(* Let $\{M_p\mid p\in P\}$ be a Morse decomposition of a multivector field on a finite simplicial complex $K$, with associated $P$-filtered chain complex $(C,d)$, let $(\bar C,\bar d)$ be a Conley complex of $(C,d)$, let $f:K\to\mathbb R$ be Lyapunov for the Morse decomposition, and let $P_f$ be an $f$-compatible order. Then the persistence modules $H(\mathbf C,P_f)$ and $H(\bar{\mathbf C},P_f)$ are isomorphic.
   Context: $K$ is a finite simplicial complex; a multivector field $\mathcal V$ on $K$ is a partition of $K$ into convex sets $V$ (if $\sigma,\tau\in V$ and $\sigma\le\mu\le\tau$ in the face order then $\mu\in V$); $F_{\mathcal V}(\sigma)=[\sigma]_{\mathcal V}\cup\{\tau:\tau\le\sigma\}$ where $[\sigma]_{\mathcal V}$ is the part containing $\sigma$; a path is a sequence $\sigma_1,\dots,\sigma_r$ with $\sigma_k\in F_{\mathcal V}(\sigma_{k-1})$. A Morse decomposition indexed by a finite poset $(P,\le_P)$ is a partition $K=\bigsqcup_{p\in P}M_p$ such that every path from $M_p$ to $M_q$ has $q\le_P p$. Let $m=|P|$. $(C,d)$: $C_p$ is the $\mathbb Z_2$-span of the simplices in $M_p$ (graded by dimension), $C=\bigoplus_pC_p$ the simplicial chains of $K$ over $\mathbb Z_2$, $d$ the simplicial boundary. For $P$-graded spaces and a linear map $h$, $h_{pq}=\pi_p h\iota_q$, and $h$ is $P$-filtered if $h_{pq}\ne0\Rightarrow p\le_P q$. A $P$-filtered chain complex is a $\mathbb Z_2$ chain complex with a $P$-gradation (compatible with degree) whose differential is $P$-filtered. Filtered chain maps are $P$-filtered chain maps; filtered chain maps $\varphi,\psi$ are filtered chain homotopic if $\psi-\varphi=d'S+Sd$ for some $P$-filtered degree-raising-by-one linear $S$; two $P$-filtered complexes are filtered chain homotopic if there are filtered chain maps $\varphi,\varphi'$ between them with $\varphi'\varphi$ and $\varphi\varphi'$ filtered chain homotopic to the identities. A Conley complex of $(C,d)$ is a $P$-filtered chain complex $(\bar C,\bar d)$ filtered chain homotopic to $(C,d)$ with $\bar d_{pp}=0$ for all $p$. $f:K\to\mathbb R$ is Lyapunov if $f$ is constant on each $M_p$, with value $f(p)$, and $p\le_P q\Rightarrow f(p)\le f(q)$. An $f$-compatible order $P_f$ is an enumeration $p_1,\dots,p_m$ of $P$ that is a linear extension of $\le_P$ with $f(p_1)\le\dots\le f(p_m)$. For a $P$-filtered chain complex $(D,\delta)$, $\mathbf D_{p_i}=\bigoplus_{j\le i}D_{p_j}$ with the restricted differential is a subcomplex, and $H(\mathbf D,P_f)$ is the persistence module $H_*(\mathbf D_{p_1})\to\dots\to H_*(\mathbf D_{p_m})$ with maps induced by inclusions; this applies to $(C,d)$ giving $H(\mathbf C,P_f)$ and to $(\bar C,\bar d)$ giving $H(\bar{\mathbf C},P_f)$. *)

From Stdlib Require Import Reals.
From HB Require Import structures.
From mathcomp Require Import all_boot all_order all_algebra.

Set Implicit Arguments.
Unset Strict Implicit.
Unset Printing Implicit Defensive.

Import Order.TTheory GRing.Theory.
Local Open Scope ring_scope.

Section Combinatorics.
Variable V : finType.

Definition is_simplicial_complex (K : {set {set V}}) : Prop :=
  (forall s, s \in K -> s != set0) /\
  (forall s t, s \in K -> t != set0 -> t \subset s -> t \in K).

Definition is_multivector_field (K : {set {set V}}) (mv : {set {set {set V}}})
  : Prop :=
  partition mv K /\
  (forall A, A \in mv -> forall s u t : {set V},
      s \in A -> t \in A -> s \subset u -> u \subset t -> u \in A).

Definition Fmv (K : {set {set V}}) (mv : {set {set {set V}}}) (s : {set V})
  : {set {set V}} :=
  pblock mv s :|: [set t in K | t \subset s].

- [Work item]
All lines from the one containing "(forall A, A" to the end of the records, both ends included, should be printed exactly and on their own.

- [Task output]
  (forall A, A \in mv -> forall s u t : {set V},
      s \in A -> t \in A -> s \subset u -> u \subset t -> u \in A).

Definition Fmv (K : {set {set V}}) (mv : {set {set {set V}}}) (s : {set V})
  : {set {set V}} :=
  pblock mv s :|: [set t in K | t \subset s].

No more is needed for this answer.